The market may well acknowledge the view that the era of getting rich quickly through buying and holding Bitcoin (BTC) has come to an end. As an asset with a market capitalization of $1.2 trillion, the likelihood of its doubling in the short term is extremely slim. However, incorporating regular Bitcoin investments into a comprehensive wealth accumulation strategy that includes other assets still has strong justification. The core logic of this strategy lies in Bitcoin’s nature as a scarce store of value. Bitcoin’s total supply is permanently capped at 21 million coins, and the rate of new coin issuance is halved every four years, which stands in sharp contrast to the characteristic of fiat currencies, which can be issued indefinitely.
Research from Fidelity Digital Assets in March 2026 shows that over the past 15 years, 87% of Bitcoin’s price movements can be explained by changes in global M2 money supply. As currencies around the world continue to expand, finite assets including Bitcoin naturally become channels for funds flowing to hedge against depreciation. However, it should be noted that this macro transmission mechanism takes a very long time to take effect, and there is no guarantee that prices will show an upward trend at any given period. Bitcoin has seen declines of as much as 80% in bear markets, and its short-term effectiveness in hedging inflation is less than ideal.
Asset management company VanEck predicts that Bitcoin may achieve an annualized return of 15% over the next 25 years, a figure that falls between its five-year compound annual growth rate of 11.6% and its ten-year rate of 57.3%, and is considered a relatively reasonable estimate. Based on this assumption, if an investor puts $500 per month into Bitcoin and sticks with it for 25 years, the total principal invested would be $150,000, and the final asset value is expected to reach approximately $1.4 million. If the monthly contribution is reduced to $250 and the term extended to 30 years, a similar terminal value can be achieved. Both paths require the investor to keep buying during market downturns. Therefore, from a mathematical perspective, with patience and discipline, Bitcoin could indeed help investors reach the million-dollar goal, but only on the condition that the investment portfolio is sufficiently diversified to withstand the psychological and financial shocks brought by Bitcoin’s extreme volatility during the period.
Beyond the long-term outlook, the short-term market is facing new geopolitical pressures. After renewed mutual attacks between the United States and Iran, and following President Trump’s remarks at the NATO summit on July 8 that he believes the U.S.-Iran memorandum of understanding has “ended” and that he is unwilling to engage with Iran further, market concerns over energy supply and inflation have escalated sharply. As a result, risk appetite has been hit.

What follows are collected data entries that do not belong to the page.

Lemma theta_walk_rev f lo : theta_walk f lo -> theta_walk (fun i => f (t - i)%N) lo.
Proof.
case=> f_step f_window f_inj; split.
- by move=> i i_lt; rewrite theta_step_sym -[(t - i)%N]subnSK //; apply: f_step; lia.
- by move=> i i_le; apply: f_window; lia.
- by move=> i j i_le j_le /f_inj; lia.
Qed.

Lemma theta_walk_path f lo : theta_walk f lo ->
  is_path_of_length e t (vert (f 0%N)) [seq vert (f i) | i <- iota 1 t].
Proof.
case=> f_step f_window f_inj; pose g i := vert (f i).
rewrite /is_path_of_length size_map size_iota eqxx andTb; apply/andP; split.
  rewrite -[_ :: _]/(map g (iota 0 t.+1)) map_inj_in_uniq ?iota_uniq //.
  move=> i j; rewrite !mem_iota => i_lt j_lt /vert_inj_window fij.
  by apply: f_inj; [lia | lia | apply: fij; apply: f_window; lia].
rewrite (@path_map _ _ g e 0%N).
by apply: path_iota => i i_lt; apply: theta_step_edge; apply: f_step; lia.
Qed.

Variables (pT : predType T) (A : pT).
Hypothesis A_closed :
  forall u p, u \in A -> is_path_of_length e t u p -> last u p \in A.

Definition inA (z : int) : bool := vert z \in A.

Lemma theta_walk_inA f lo : theta_walk f lo -> inA (f 0%N) = inA (f t).
Proof.
have inA_last h : theta_walk h lo -> inA (h 0%N) -> inA (h t).
  move=> h_walk /A_closed/(_ (theta_walk_path h_walk)).
  by rewrite (last_map (fun i => vert (h i)) _ 0%N) last_iota.
move=> f_walk; apply/idP/idP; first exact: inA_last.
by have := inA_last _ (theta_walk_rev f_walk); rewrite /= subn0 subnn.
Qed.

Hypothesis t_gt0 : (0 < t)%N.
Hypothesis t_lt : (t < size s)%N.
Hypothesis t_odd : odd t.

Ltac solve_theta_walk f :=
  have := chord_span_bounds; move=> ?;
  split; rewrite /f; [move=> ? ? | move=> ? ? | move=> ? ? ? ?];
  try rewrite /theta_step; repeat case: ifP => [?|/negbT ?];
  first [ lia
        | apply/or4P; apply: Or41; apply/eqP; lia
        | apply/or4P; apply: Or42; apply/eqP; lia
        | apply/or4P; apply: Or43; apply/andP; split; apply/eqP; lia ].

Lemma inA_periodic_t : periodic inA t.
Proof.
move=> z; pose f (i : nat) := z + i%:Z.
have [f0 ft] : f 0%N = z /\ f t = z + t%:Z by rewrite /f; split; lia.
by rewrite -ft -f0; symmetry; apply: (theta_walk_inA (lo := z)); solve_theta_walk f.
Qed.

Lemma chord_walk_up_down (j : int) :
  0 <= j -> t%:Z - k <= j -> j <= L - k - 1 -> j <= t%:Z - 1 ->
  inA (- j) = inA (k + j + 1 - t%:Z).
Proof.
move=> *; pose f (i : nat) := if i%:Z <= j then - j + i%:Z else k + j + 1 - i%:Z.
have [f0 ft] : f 0%N = - j /\ f t = k + j + 1 - t%:Z by rewrite /f; split; case: ifP; lia.
by rewrite -ft -f0; apply: (theta_walk_inA (lo := - j)); solve_theta_walk f.
Qed.

Lemma chord_walk_down_up (j : int) :
  0 <= j -> j <= k - 1 -> j <= t%:Z - 1 -> t%:Z - 1 - j <= L - k - 1 ->
  inA j = inA (k + t%:Z - 1 - j).
Proof.
move=> *; pose f (i : nat) := if i%:Z <= j then j - i%:Z else k + i%:Z - j - 1.
have [f0 ft] : f 0%N = j /\ f t = k + t%:Z - 1 - j by rewrite /f; split; case: ifP; lia.
by rewrite -ft -f0; apply: (theta_walk_inA (lo := 0)); solve_theta_walk f.
Qed.

Lemma chord_walk_up_up (j : int) :
  0 <= j -> j <= t%:Z - 1 -> t%:Z <= L - k ->
  inA (- j) = inA (k + t%:Z - 1 - j).
Proof.
move=> *; pose f (i : nat) := if i%:Z <= j then - j + i%:Z else k + i%:Z - j - 1.
have [f0 ft] : f 0%N = - j /\ f t = k + t%:Z - 1 - j by rewrite /f; split; case: ifP; lia.
by rewrite -ft -f0; apply: (theta_walk_inA (lo := - j)); solve_theta_walk f.
Qed.

Local Notation g := (gcdz L t).

Lemma inA_periodic_gcd : periodic inA g.
Proof.
apply: periodic_gcdz inA_periodic_t.
by move=> z; rewrite /inA vert_periodic.
Qed.

Lemma inA_mirror_pred (p lo : int) : 0 < p -> periodic inA p ->
  0 <= lo -> t%:Z - (L - k) <= lo -> lo + p <= k -> lo + p <= t%:Z ->
  mirror inA (k - 1).
Proof.
move=> p_gt0 p_per *; apply: (mirror_window (lo := lo) p_gt0 p_per) => z z_in.
rewrite chord_walk_down_up; try lia.
by rewrite -[RHS]inA_periodic_t; congr inA; lia.
Qed.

As of press time, Bitcoin had fallen more than 2%, breaking below the $62,000 level, with Ethereum, Solana, and other crypto assets declining in tandem. At the same time, global stock markets continued their downward trend, with most Asian stocks falling on Wednesday, all three major U.S. stock index futures dropping pre-market, and gold futures also falling more than 2%, while Brent crude oil futures surged nearly 6% to $78.54 per barrel due to the escalating situation. Caroline Mauron, co-founder of Orbit Markets, noted that Bitcoin dropped quickly after Trump’s remarks, and the market is now concerned that rising energy prices will trigger a new round of inflation and may force central banks to raise interest rates further. She expects Bitcoin to find some support around $61,500, but the overall market will remain highly volatile as it evolves with geopolitical and macroeconomic conditions.
Despite the latest shocks, Bitcoin’s performance had improved somewhat in July after plunging nearly 18% in June, its worst monthly performance in four years. Earlier this week, Strategy (MSTR), the largest corporate holder of Bitcoin globally, disclosed the sale of $216 million worth of Bitcoin, which did not trigger any significant sell-off in the market, in contrast to the notable decline that occurred when the company first announced a sale last month. In addition, prior to the escalation of the Middle East situation, some large holders had already begun to increase their positions again. Data shows that U.S. spot Bitcoin exchange-traded funds (ETFs) have recorded net inflows for three consecutive trading days, with cumulative inflows exceeding $500 million, whereas in June, this category of funds experienced a record monthly net outflow of more than $4.5 billion.